Lemma fano_induced x y z w a b c : uniq [:: x; y; z; w; a; b; c] ->
    [set x; y; z] \in E -> [set x; w; a] \in E -> [set y; w; b] \in E ->
    [set z; w; c] \in E -> [set z; a; b] \in E -> [set y; a; c] \in E ->
    [set x; b; c] \in E ->
  induced_sub F7 E.
Proof.
move=> pts_uniq exyz exwa eywb ezwc ezab eyac exbc.
(* [h] sends the coordinate vector of a Fano point to its image; (0, 0, 0) is not a point. *)
pose h (s : bool * bool * bool) : V := match s with
  | (true, false, false) => x | (false, true, false) => y | (true, true, false) => z
  | (false, false, true) => w | (true, false, true) => a | (false, true, true) => b
  | (true, true, true) => c | (false, false, false) => x end.
have h_inj s t : s != (false, false, false) -> t != (false, false, false) ->
    h s = h t -> s = t.
  by case: s t => [[[] []] []] [[[] []] []] //= _ _ st;
    move: pts_uniq; rewrite st /= !inE eqxx ?orbT ?andbF.
have h_lines s t : s != (false, false, false) -> t != (false, false, false) -> s != t ->
    [set h s; h t; h (xor3 s t)] \in E.
  have [? ? ? ? ?] := set3_perm exyz; have [? ? ? ? ?] := set3_perm exwa.
  have [? ? ? ? ?] := set3_perm eywb; have [? ? ? ? ?] := set3_perm ezwc.
  have [? ? ? ? ?] := set3_perm ezab; have [? ? ? ? ?] := set3_perm eyac.
  have [? ? ? ? ?] := set3_perm exbc.
  by case: s t => [[[] []] []] [[[] []] []].
apply: (@induced_sub_of_lines _ _ (h \o fano_bits) fano_line).
  by move=> p q /h_inj/fano_bits_inj; apply; apply: fano_bits_neq0.
move=> L; rewrite inE => /existsP [p /existsP [q /existsP [r]]].
case/and5P=> /eqP -> pq qr pr /fano_bits_line pqr.
rewrite imset_set3 /comp pqr h_lines ?fano_bits_neq0 // (inj_eq fano_bits_inj) //.
Qed.

Lemma fano_induced_of_spokes x y z w a b c : uniq [:: x; y; z; w; a; b; c] ->
    [set x; y; z] \in E -> [set x; w; a] \in E -> [set y; w; b] \in E ->
    [set z; w; c] \in E ->
  induced_sub F7 E.
Proof.
move=> pts_uniq exyz exwa eywb ezwc.
have sub_uniq (s : seq nat) : uniq s -> all (gtn 7) s ->
    uniq [seq nth x [:: x; y; z; w; a; b; c] i | i <- s].
  move=> s_uniq /allP s_lt7; rewrite map_inj_in_uniq // => i j /s_lt7 ? /s_lt7 ?.
  by move/eqP; rewrite nth_uniq // => /eqP.
have [? ? ? ? ?] := set3_perm exyz; have [? ? ? ? ?] := set3_perm exwa.
have [? ? ? ? ?] := set3_perm eywb; have [? ? ? ? ?] := set3_perm ezwc.
have closed := pasch_closed_of_W3_free.
have ezab : [set z; a; b] \in E by apply: closed (sub_uniq [:: 1; 2; 0; 4; 3; 5] isT isT) _ _ _.
have eyac : [set y; a; c] \in E by apply: closed (sub_uniq [:: 2; 1; 0; 4; 3; 6] isT isT) _ _ _.
have exbc : [set x; b; c] \in E by apply: closed (sub_uniq [:: 2; 0; 1; 5; 3; 6] isT isT) _ _ _.
exact: fano_induced pts_uniq exyz exwa eywb ezwc ezab eyac exbc.
Qed.

Lemma off_edge_meet e f w u v : e \in E -> f \in E -> w \notin e -> w \in f ->
  u \in e -> v \in e -> u \in f -> v \in f -> u = v.
Proof.
move=> eE fE wNe wf ue ve uf vf; apply/eqP; apply: contraNT wNe => uv.
by rewrite (edge_eq eE fE uv).
Qed.

Lemma spoke e f w x : e \in E -> f \in E -> w \notin e -> x \in e -> w \in f -> x \in f ->
  exists a, [/\ f = [set x; w; a], a \notin e & a != w].
Proof.
move=> eE fE wNe xe wf xf; have xw : x != w by apply: contraNneq wNe => <-.
have [a [f_def ax aw]] := edge_third fE xf wf xw.
exists a; split=> //; apply: contra ax => ae.
by apply/eqP/(off_edge_meet eE fE wNe wf ae xe); rewrite f_def !inE eqxx ?orbT.
Qed.

Lemma spokes_meet e f g w x y t : e \in E -> f \in E -> g \in E -> w \notin e ->
    x \in e -> y \in e -> x != y -> w \in f -> x \in f -> w \in g -> y \in g ->
  t \in f -> t \in g -> t = w.
Proof.
move=> eE fE gE wNe xe ye xy wf xf wg yg tf tg; apply/eqP; apply: contraTT xy => tw.
have fg : f = g := edge_eq fE gE tw tf wf tg wg.
by rewrite negbK (off_edge_meet eE gE wNe wg xe ye) // -fg.
Qed.

Lemma no_common_neighbour x y z w : [set x; y; z] \in E -> x != y -> x != z -> y != z ->
  ~~ [&& adj E x w, adj E y w & adj E z w].
Proof.
move=> exyz xy xz yz; apply/negP; case/and3P.
move=> /andP [xw /existsP [fx /and3P [fxE xfx wfx]]].
move=> /andP [yw /existsP [fy /and3P [fyE yfy wfy]]].
move=> /andP [zw /existsP [fz /and3P [fzE zfz wfz]]].
set e := [set x; y; z] in exyz.
have [xe ye ze] : [/\ x \in e, y \in e & z \in e] by rewrite !inE !eqxx ?orbT.
have wNe : w \notin e by rewrite !inE !negb_or ![w == _]eq_sym xw yw zw.
have [a [fx_def aNe aw]] := spoke exyz fxE wNe xe wfx xfx.
have [b [fy_def bNe bw]] := spoke exyz fyE wNe ye wfy yfy.
have [c [fz_def cNe cw]] := spoke exyz fzE wNe ze wfz zfz.
have [afx bfy cfz] : [/\ a \in fx, b \in fy & c \in fz].
  by rewrite fx_def fy_def fz_def !inE !eqxx ?orbT.
have ab : a != b.
  apply: contraNneq aw => ab.
  by apply/eqP/(spokes_meet exyz fxE fyE wNe xe ye xy wfx xfx wfy yfy afx); rewrite ab.
have ac : a != c.
  apply: contraNneq aw => ac.
  by apply/eqP/(spokes_meet exyz fxE fzE wNe xe ze xz wfx xfx wfz zfz afx); rewrite ac.
have bc : b != c.
  apply: contraNneq bw => bc.
  by apply/eqP/(spokes_meet exyz fyE fzE wNe ye ze yz wfy yfy wfz zfz bfy); rewrite bc.
have neq_off u t : u \in e -> t \notin e -> u != t by move=> ue; apply: contraNneq => <-.
rewrite fx_def in fxE; rewrite fy_def in fyE; rewrite fz_def in fzE.
apply: E_F7_free (fano_induced_of_spokes _ exyz fxE fyE fzE).
rewrite /= !inE !negb_or xy xz yz xw yw zw !(eq_sym w) aw bw cw ab ac bc.
by rewrite !(neq_off x) ?(neq_off y) ?(neq_off z).
Qed.

Lemma sum_deg_mul (g : V -> nat) :
  \sum_v deg E v * g v = \sum_(e in E) \sum_(v in e) g v.
Proof.
under eq_bigr do rewrite /deg card_set_cond big_distrl.
rewrite exchange_big; apply: eq_bigr => e _; rewrite [RHS]big_mkcond.
by apply: eq_bigr => v _; case: (v \in e) => /=; rewrite ?mul1n.
Qed.

Lemma sum_deg : \sum_v deg E v = 3 * #|E|.
Proof.
under eq_bigr do rewrite -[deg E _]muln1.
rewrite sum_deg_mul mulnC -sum_nat_const; apply: eq_bigr => e eE.
by rewrite sum1_card E_uniform.
Qed.

Lemma adj_card u v : adj E u v = #|[set e in E | (u \in e) && (v \in e :\ u)]| :> nat.
Proof.
have [<- | uv] := eqVneq u v.
  rewrite /adj eqxx /=; apply/esym/eqP; rewrite cards_eq0; apply/eqP/setP => e.
  by rewrite !inE eqxx !andbF.
set S := [set e in E | _].
have S_le1 : #|S| <= 1.
  apply/card_le1_eqP => e f; rewrite !inE.
  move=> /and3P [eE ue /andP [_ ve]] /and3P [fE uf /andP [_ vf]].
  exact: edge_eq fE eE uv uf vf ue ve.
have S_gt0 : (0 < #|S|) = adj E u v.
  rewrite /adj uv card_gt0; apply/set0Pn/existsP.
    by case=> e; rewrite !inE => /and3P [eE ue /andP [_ ve]]; exists e; rewrite eE ue ve.
  by case=> e /and3P [eE ue ve]; exists e; rewrite !inE eE ue ve eq_sym uv.
by move: S_le1 S_gt0; case: (adj E u v); case: #|S| => [|[|]].
Qed.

▶ _WORK TO COMPLETE_
Lines that include the word "true" are to be extracted from the data above.

▶ _TASK SOLUTION_
  | (true, false, false) => x | (false, true, false) => y | (true, true, false) => z
  | (false, false, true) => w | (true, false, true) => a | (false, true, true) => b
  | (true, true, true) => c | (false, false, false) => x end.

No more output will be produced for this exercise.